*Work instruction:*
Only the lines below starting at the one containing "have K0 : 0 < r" and ending at the one containing "apply: le_lt_trans (sqnormD_le" belong in the answer, each copied exactly.

(Stored items)
Lemma harmonic_pos_propagates {y p : 'rV[R]_n} {r : R} : 0 < r ->
  (forall x, sqnorm (x - y) <= r ^+ 2 -> U x /\ 0 <= z x) ->
  0 < z y -> sqnorm (p - y) < r ^+ 2 -> 0 < z p.
Proof.
move=> r0 ball_ge0 zy0 pr.
have [Uy _] : U y /\ 0 <= z y by apply: ball_ge0; rewrite subrr sqnorm0 sqr_ge0.
pose c := z y / 2; have c0 : 0 < c by rewrite divr_gt0.
have zc : \forall x \near y, c < z x.
  have [dzy _ _ _] := hz.2 y Uy.
  by apply: (cvgr_gt _ (differentiable_continuous dzy)); rewrite ltr_pdivrMr // ltr_pMr // ltr1n.
have [s0 s00 zcs0] := near_sqnorm zc.
pose s := Num.min s0 (r / 2).
have s0' : 0 < s by rewrite lt_min s00 divr_gt0.
have sr : s ^+ 2 < r ^+ 2.
  have : s <= r / 2 by rewrite ge_min lexx orbT.
  by rewrite ltr_pXn2r ?nnegrE ?(ltW s0') ?(ltW r0) //; lra.
have zcs x : sqnorm (x - y) <= s ^+ 2 -> c < z x.
  move=> xs; apply: zcs0; apply: le_trans xs _.
  by rewrite ler_pXn2r ?nnegrE ?(ltW s0') ?(ltW s00) // ge_min lexx.
have [ps|sp] := lerP (sqnorm (p - y)) (s ^+ 2); first exact: lt_trans c0 (zcs p ps).
pose k := Num.truncn (n%:R * (r ^+ 2 - s ^+ 2) / (2 * s ^+ 2)).
have kbig : n%:R * (r ^+ 2 - s ^+ 2) <= 2 * k.+1%:R * s ^+ 2.
  have := truncnS_gt (n%:R * (r ^+ 2 - s ^+ 2) / (2 * s ^+ 2)).
  by rewrite ltr_pdivrMr ?mulr_gt0 ?exprn_gt0 // mulrCA mulrA => /ltW.
have K0 : 0 < r ^+ 2 - s ^+ 2 by rewrite subr_gt0.
pose eps := c / (r ^+ 2 - s ^+ 2) ^+ k.+2.
have eps0 : 0 < eps by rewrite divr_gt0 ?exprn_gt0.
apply: lt_le_trans (harmonic_annulus_barrier y eps0 kbig _ _ _ p _).
- by rewrite mulr_gt0 ?exprn_gt0 ?subr_gt0.
- by move=> x /andP[_ /ball_ge0[]].
- move=> x xs; rewrite /eps divfK ?expf_neq0 ?gt_eqF //.
  by apply/ltW/zcs; rewrite xs.
- by move=> x xr; case: (ball_ge0 x); rewrite ?xr.
- by rewrite /= (ltW sp) (ltW pr).
Qed.

Lemma harmonic_ge0_eq0_ball {rho : R} : 0 < rho -> eball0 rho `<=` U ->
  (forall x, eball0 rho x -> 0 <= z x) -> z 0 = 0 -> forall x, eball0 rho x -> z x = 0.
Proof.
move=> rho0 ballU ball_ge0 z0 x xrho.
pose N := Num.sqrt (sqnorm x).
have N0 : 0 <= N := sqrtr_ge0 _.
have NE : N ^+ 2 = sqnorm x by rewrite sqr_sqrtr ?sqnorm_ge0.
have Nrho : N < rho by rewrite -(ltr_pXn2r (n := 2)) ?nnegrE ?(ltW rho0) // NE.
pose r := (rho - N) / 2; have r0 : 0 < r by rewrite divr_gt0 ?subr_gt0.
pose K := (Num.truncn (N / r)).+1.
have K0 : 0 < K%:R :> R by rewrite ltr0n.
have NK : N < K%:R * r by rewrite -ltr_pdivrMr //; apply: truncnS_gt.
suff zK j : (j <= K)%N -> z ((j%:R / K%:R) *: x) = 0.
  by have := zK K (leqnn K); rewrite divff ?gt_eqF // scale1r.
elim: j => [_|j IH jK]; first by rewrite mul0r scale0r.
pose y := (j.+1%:R / K%:R) *: x; pose p := (j%:R / K%:R) *: x.
have yN : sqnorm y <= N ^+ 2.
  rewrite sqnormZ NE ler_piMl ?sqnorm_ge0 // expr_le1 ?divr_ge0 //.
  by rewrite ler_pdivrMr // mul1r ler_nat.
have ball_y w : sqnorm (w - y) <= r ^+ 2 -> U w /\ 0 <= z w.
  move=> wy; have wrho : eball0 rho w.
    rewrite /eball0 /= -(subrK y w).
    apply: le_lt_trans (sqnormD_le (ltW r0) N0 wy yN) _.
    by rewrite ltr_pXn2r ?nnegrE ?addr_ge0 ?(ltW r0) ?(ltW rho0) // /r; lra.
  by split; [apply: ballU | apply: ball_ge0].
have py : sqnorm (p - y) < r ^+ 2.
  have -> : p - y = (- K%:R^-1) *: x.
    by rewrite /p /y -scalerBl -mulrBl mulrS; congr (_ *: _); ring.
  rewrite sqnormZ sqrrN -NE -exprMn ltr_pXn2r ?nnegrE ?(ltW r0) ?mulr_ge0 ?invr_ge0 ?(ltW K0) //.
  by rewrite mulrC ltr_pdivrMr // mulrC.
have [_ zy0] : U y /\ 0 <= z y by apply: ball_y; rewrite subrr sqnorm0 sqr_ge0.
apply/eqP; rewrite -/y eq_le zy0 andbT leNgt; apply/negP => zy_pos.
by have := harmonic_pos_propagates r0 ball_y zy_pos py; rewrite IH ?ltxx // ltnW.
Qed.

End Harmonic.

Lemma convex_sqrt_subquadratic {R : realType} {n : nat} {rho : R} {q z : 'rV[R]_n -> R} :
  (forall t x, q (t *: x) = t ^+ 2 * q x) -> z 0 = 0 ->
  (forall x, eball0 rho x -> 0 <= q x + z x) ->
  convex_on (eball0 rho) (fun x => Num.sqrt (q x + z x)) ->
  forall x t, eball0 rho x -> 0 <= t -> t <= 1 -> z (t *: x) <= t ^+ 2 * z x.
Proof.
move=> qZ z0 qz_ge0 qz_convex x t xrho t0 t1.
have q0 : q 0 = 0 by rewrite -(scale0r (0 : 'rV[R]_n)) qZ expr0n mul0r.
have rho0 : eball0 rho (0 : 'rV[R]_n).
  by rewrite /eball0 /= sqnorm0 (le_lt_trans (sqnorm_ge0 x)).
have txrho : eball0 rho (t *: x).
  rewrite /eball0 /= sqnormZ (le_lt_trans _ xrho) // ler_piMl ?sqnorm_ge0 //.
  by rewrite expr_le1.
have := qz_convex x 0 t xrho rho0 t0 t1.
rewrite scaler0 addr0 q0 z0 addr0 sqrtr0 mulr0 addr0.
have -> : t * Num.sqrt (q x + z x) = Num.sqrt (t ^+ 2 * (q x + z x)).
  by rewrite sqrtrM ?sqr_ge0 // sqrtr_sqr ger0_norm.
rewrite ler_sqrt ?mulr_ge0 ?sqr_ge0 ?qz_ge0 // qZ.
lra.
Qed.

Theorem lemma2p1 (R : realType) (n : nat) (hn : (2 <= n)%N)
  (lam : 'I_n -> R) (hlam0 : forall i, 0 <= lam i)
  (hlam1 : \sum_(i < n) lam i = 1)
  (rho : R) (hrho : 0 < rho)
  (z : 'rV[R]_n -> R) (U : set 'rV[R]_n)
  (hU : ecball0 rho `<=` U) (hz : harmonic_on U z)
  (hz0 : z 0 = 0)
  (hz1 : forall i, partial z i 0 = 0)
  (hz2 : forall i j, partial (partial z i) j 0 = 0)
  (hdef : forall x, eball0 rho x ->
            0 <= 2^-1 * (\sum_(i < n) lam i * x 0 i ^+ 2) + z x)
  (hconv : convex_on (eball0 rho)
     (fun x => Num.sqrt (2^-1 * (\sum_(i < n) lam i * x 0 i ^+ 2) + z x))) :
  forall x, eball0 rho x -> z x = 0.
Proof.
have ballU : eball0 rho `<=` U by move=> x /ltW; apply: hU.
have U0 : U 0 by apply: ballU (0 : 'rV[R]_n) _; rewrite /eball0 /= sqnorm0 exprn_gt0.
pose q (x : 'rV[R]_n) := 2^-1 * (\sum_(i < n) lam i * x 0 i ^+ 2).
have qZ (t : R) x : q (t *: x) = t ^+ 2 * q x.
  by rewrite /q mulrCA; congr (_ * _); rewrite mulr_sumr; apply: eq_bigr => i _; rewrite mxE; ring.
have subquad := convex_sqrt_subquadratic qZ hz0 hdef hconv.
have dz_near : \forall y \near (0 : 'rV[R]_n), differentiable z y :=
  harmonic_differentiable_near hz U0.
have [_ dpz0 _ _] := hz.2 _ U0.
have z_ge0 x : eball0 rho x -> 0 <= z x.
  move=> xrho; apply: flat_subquadratic_ge0 dz_near dpz0 hz0 hz1 hz2 _.
  by move=> t t0 t1; apply: subquad => //; apply: ltW.
exact: (harmonic_ge0_eq0_ball hz hrho ballU z_ge0 hz0).
Qed.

*Worked solution:*
have K0 : 0 < r ^+ 2 - s ^+ 2 by rewrite subr_gt0.
pose eps := c / (r ^+ 2 - s ^+ 2) ^+ k.+2.
have eps0 : 0 < eps by rewrite divr_gt0 ?exprn_gt0.
apply: lt_le_trans (harmonic_annulus_barrier y eps0 kbig _ _ _ p _).
- by rewrite mulr_gt0 ?exprn_gt0 ?subr_gt0.
- by move=> x /andP[_ /ball_ge0[]].
- move=> x xs; rewrite /eps divfK ?expf_neq0 ?gt_eqF //.
  by apply/ltW/zcs; rewrite xs.
- by move=> x xr; case: (ball_ge0 x); rewrite ?xr.
- by rewrite /= (ltW sp) (ltW pr).
Qed.

Lemma harmonic_ge0_eq0_ball {rho : R} : 0 < rho -> eball0 rho `<=` U ->
  (forall x, eball0 rho x -> 0 <= z x) -> z 0 = 0 -> forall x, eball0 rho x -> z x = 0.
Proof.
move=> rho0 ballU ball_ge0 z0 x xrho.
pose N := Num.sqrt (sqnorm x).
have N0 : 0 <= N := sqrtr_ge0 _.
have NE : N ^+ 2 = sqnorm x by rewrite sqr_sqrtr ?sqnorm_ge0.
have Nrho : N < rho by rewrite -(ltr_pXn2r (n := 2)) ?nnegrE ?(ltW rho0) // NE.
pose r := (rho - N) / 2; have r0 : 0 < r by rewrite divr_gt0 ?subr_gt0.
pose K := (Num.truncn (N / r)).+1.
have K0 : 0 < K%:R :> R by rewrite ltr0n.
have NK : N < K%:R * r by rewrite -ltr_pdivrMr //; apply: truncnS_gt.
suff zK j : (j <= K)%N -> z ((j%:R / K%:R) *: x) = 0.
  by have := zK K (leqnn K); rewrite divff ?gt_eqF // scale1r.
elim: j => [_|j IH jK]; first by rewrite mul0r scale0r.
pose y := (j.+1%:R / K%:R) *: x; pose p := (j%:R / K%:R) *: x.
have yN : sqnorm y <= N ^+ 2.
  rewrite sqnormZ NE ler_piMl ?sqnorm_ge0 // expr_le1 ?divr_ge0 //.
  by rewrite ler_pdivrMr // mul1r ler_nat.
have ball_y w : sqnorm (w - y) <= r ^+ 2 -> U w /\ 0 <= z w.
  move=> wy; have wrho : eball0 rho w.
    rewrite /eball0 /= -(subrK y w).
    apply: le_lt_trans (sqnormD_le (ltW r0) N0 wy yN) _.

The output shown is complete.